EXERCISE DETAILS
From the entries below, transcribe exactly the lines between the line holding "Definition is_solution (d" and the line holding "every j. *)", inclusive; skip all other lines.

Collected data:
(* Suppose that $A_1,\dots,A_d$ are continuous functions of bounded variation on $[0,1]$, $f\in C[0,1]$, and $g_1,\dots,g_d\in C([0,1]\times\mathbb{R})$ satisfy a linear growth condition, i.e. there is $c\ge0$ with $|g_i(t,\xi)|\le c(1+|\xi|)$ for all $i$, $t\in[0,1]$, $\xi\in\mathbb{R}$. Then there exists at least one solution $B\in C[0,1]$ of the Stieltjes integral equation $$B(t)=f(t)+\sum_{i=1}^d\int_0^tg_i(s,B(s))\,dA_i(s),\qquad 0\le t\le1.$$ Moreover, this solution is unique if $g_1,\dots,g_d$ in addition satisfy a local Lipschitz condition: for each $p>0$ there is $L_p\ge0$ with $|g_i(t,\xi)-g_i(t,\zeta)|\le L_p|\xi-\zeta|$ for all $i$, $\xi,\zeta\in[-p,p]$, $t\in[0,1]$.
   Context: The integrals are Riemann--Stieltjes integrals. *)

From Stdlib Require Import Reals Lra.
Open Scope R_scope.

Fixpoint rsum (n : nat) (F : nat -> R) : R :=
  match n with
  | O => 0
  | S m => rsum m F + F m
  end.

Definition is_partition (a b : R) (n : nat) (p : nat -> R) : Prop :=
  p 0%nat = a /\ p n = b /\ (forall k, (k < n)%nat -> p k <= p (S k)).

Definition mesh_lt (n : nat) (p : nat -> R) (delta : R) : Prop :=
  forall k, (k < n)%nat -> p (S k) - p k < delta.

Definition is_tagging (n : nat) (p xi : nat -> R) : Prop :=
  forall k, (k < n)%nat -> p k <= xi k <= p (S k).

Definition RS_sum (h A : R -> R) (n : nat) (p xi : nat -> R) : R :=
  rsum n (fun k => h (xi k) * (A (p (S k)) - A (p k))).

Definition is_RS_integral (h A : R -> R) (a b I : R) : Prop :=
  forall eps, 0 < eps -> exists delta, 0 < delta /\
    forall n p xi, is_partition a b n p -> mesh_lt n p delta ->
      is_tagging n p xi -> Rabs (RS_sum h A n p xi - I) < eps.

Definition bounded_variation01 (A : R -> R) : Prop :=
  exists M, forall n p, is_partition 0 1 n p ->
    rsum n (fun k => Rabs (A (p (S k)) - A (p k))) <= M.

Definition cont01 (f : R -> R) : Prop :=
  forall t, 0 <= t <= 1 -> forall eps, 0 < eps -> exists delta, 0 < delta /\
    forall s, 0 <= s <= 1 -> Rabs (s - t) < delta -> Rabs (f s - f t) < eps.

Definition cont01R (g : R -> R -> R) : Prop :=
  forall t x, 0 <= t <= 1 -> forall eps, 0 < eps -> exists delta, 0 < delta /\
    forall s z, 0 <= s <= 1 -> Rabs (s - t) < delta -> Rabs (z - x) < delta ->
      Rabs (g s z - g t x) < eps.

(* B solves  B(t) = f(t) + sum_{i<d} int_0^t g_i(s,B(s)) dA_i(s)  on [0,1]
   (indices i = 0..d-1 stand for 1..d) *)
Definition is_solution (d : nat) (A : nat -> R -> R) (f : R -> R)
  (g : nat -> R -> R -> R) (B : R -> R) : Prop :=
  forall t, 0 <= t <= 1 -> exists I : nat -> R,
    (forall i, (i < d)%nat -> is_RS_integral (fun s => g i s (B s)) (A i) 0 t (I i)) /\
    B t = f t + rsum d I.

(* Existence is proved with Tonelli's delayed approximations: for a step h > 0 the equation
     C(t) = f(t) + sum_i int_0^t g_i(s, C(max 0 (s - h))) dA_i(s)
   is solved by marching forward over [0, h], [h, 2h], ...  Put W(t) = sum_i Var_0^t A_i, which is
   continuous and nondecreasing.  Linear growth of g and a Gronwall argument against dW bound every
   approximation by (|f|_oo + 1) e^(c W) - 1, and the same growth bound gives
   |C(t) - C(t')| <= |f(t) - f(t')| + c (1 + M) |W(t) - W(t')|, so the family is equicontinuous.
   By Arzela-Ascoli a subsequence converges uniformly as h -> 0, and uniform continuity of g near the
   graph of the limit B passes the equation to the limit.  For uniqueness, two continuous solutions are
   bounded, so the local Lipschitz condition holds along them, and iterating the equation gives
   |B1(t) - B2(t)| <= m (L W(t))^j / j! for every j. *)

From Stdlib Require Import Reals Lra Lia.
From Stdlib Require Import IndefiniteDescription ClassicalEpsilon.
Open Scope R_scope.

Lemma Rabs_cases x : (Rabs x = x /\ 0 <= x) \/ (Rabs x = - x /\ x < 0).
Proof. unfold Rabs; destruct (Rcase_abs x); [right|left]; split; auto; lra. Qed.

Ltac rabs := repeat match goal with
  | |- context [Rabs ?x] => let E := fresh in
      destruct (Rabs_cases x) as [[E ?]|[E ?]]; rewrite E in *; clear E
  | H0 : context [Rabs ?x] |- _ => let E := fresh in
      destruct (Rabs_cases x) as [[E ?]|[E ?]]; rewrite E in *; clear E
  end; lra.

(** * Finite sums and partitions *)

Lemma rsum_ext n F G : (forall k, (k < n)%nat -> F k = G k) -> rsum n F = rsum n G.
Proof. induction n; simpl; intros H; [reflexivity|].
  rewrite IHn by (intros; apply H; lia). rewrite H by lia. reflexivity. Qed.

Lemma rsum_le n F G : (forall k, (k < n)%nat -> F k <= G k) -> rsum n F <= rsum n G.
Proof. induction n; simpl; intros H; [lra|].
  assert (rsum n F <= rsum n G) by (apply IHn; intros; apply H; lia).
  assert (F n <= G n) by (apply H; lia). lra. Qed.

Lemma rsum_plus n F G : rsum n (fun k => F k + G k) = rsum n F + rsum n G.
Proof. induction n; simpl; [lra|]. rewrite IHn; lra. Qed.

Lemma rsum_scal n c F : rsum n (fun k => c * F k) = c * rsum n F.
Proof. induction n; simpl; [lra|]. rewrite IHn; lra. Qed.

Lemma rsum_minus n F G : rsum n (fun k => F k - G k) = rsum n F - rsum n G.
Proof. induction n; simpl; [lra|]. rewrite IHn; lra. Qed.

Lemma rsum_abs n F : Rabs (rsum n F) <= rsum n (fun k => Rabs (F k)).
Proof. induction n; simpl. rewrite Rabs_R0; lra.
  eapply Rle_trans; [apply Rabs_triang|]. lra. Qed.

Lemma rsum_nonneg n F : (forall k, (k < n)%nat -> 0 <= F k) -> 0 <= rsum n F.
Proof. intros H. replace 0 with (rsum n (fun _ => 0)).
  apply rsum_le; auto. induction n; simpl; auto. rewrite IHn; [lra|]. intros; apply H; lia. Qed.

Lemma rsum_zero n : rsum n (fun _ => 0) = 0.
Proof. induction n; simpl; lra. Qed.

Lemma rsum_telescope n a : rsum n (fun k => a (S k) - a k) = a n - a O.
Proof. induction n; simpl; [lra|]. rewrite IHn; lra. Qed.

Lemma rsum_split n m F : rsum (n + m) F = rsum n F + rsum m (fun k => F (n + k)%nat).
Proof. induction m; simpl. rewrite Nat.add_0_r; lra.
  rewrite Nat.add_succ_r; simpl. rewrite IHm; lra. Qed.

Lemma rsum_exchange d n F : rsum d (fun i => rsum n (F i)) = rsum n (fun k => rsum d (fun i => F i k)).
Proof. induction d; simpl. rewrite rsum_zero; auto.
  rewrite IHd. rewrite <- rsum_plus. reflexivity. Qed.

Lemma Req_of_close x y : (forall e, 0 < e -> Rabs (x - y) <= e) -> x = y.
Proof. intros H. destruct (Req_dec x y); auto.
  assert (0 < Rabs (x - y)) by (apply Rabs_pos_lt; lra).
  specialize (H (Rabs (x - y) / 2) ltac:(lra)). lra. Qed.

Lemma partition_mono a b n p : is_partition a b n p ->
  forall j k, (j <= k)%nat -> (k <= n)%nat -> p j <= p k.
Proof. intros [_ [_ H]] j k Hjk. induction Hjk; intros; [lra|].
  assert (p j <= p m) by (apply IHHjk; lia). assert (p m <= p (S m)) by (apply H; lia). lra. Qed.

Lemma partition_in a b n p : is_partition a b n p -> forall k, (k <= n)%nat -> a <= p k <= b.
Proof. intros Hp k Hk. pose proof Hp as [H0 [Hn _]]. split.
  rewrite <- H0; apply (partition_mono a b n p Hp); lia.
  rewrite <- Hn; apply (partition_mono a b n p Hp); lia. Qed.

WRITTEN SOLUTION
Definition is_solution (d : nat) (A : nat -> R -> R) (f : R -> R)
  (g : nat -> R -> R -> R) (B : R -> R) : Prop :=
  forall t, 0 <= t <= 1 -> exists I : nat -> R,
    (forall i, (i < d)%nat -> is_RS_integral (fun s => g i s (B s)) (A i) 0 t (I i)) /\
    B t = f t + rsum d I.

(* Existence is proved with Tonelli's delayed approximations: for a step h > 0 the equation
     C(t) = f(t) + sum_i int_0^t g_i(s, C(max 0 (s - h))) dA_i(s)
   is solved by marching forward over [0, h], [h, 2h], ...  Put W(t) = sum_i Var_0^t A_i, which is
   continuous and nondecreasing.  Linear growth of g and a Gronwall argument against dW bound every
   approximation by (|f|_oo + 1) e^(c W) - 1, and the same growth bound gives
   |C(t) - C(t')| <= |f(t) - f(t')| + c (1 + M) |W(t) - W(t')|, so the family is equicontinuous.
   By Arzela-Ascoli a subsequence converges uniformly as h -> 0, and uniform continuity of g near the
   graph of the limit B passes the equation to the limit.  For uniqueness, two continuous solutions are
   bounded, so the local Lipschitz condition holds along them, and iterating the equation gives
   |B1(t) - B2(t)| <= m (L W(t))^j / j! for every j. *)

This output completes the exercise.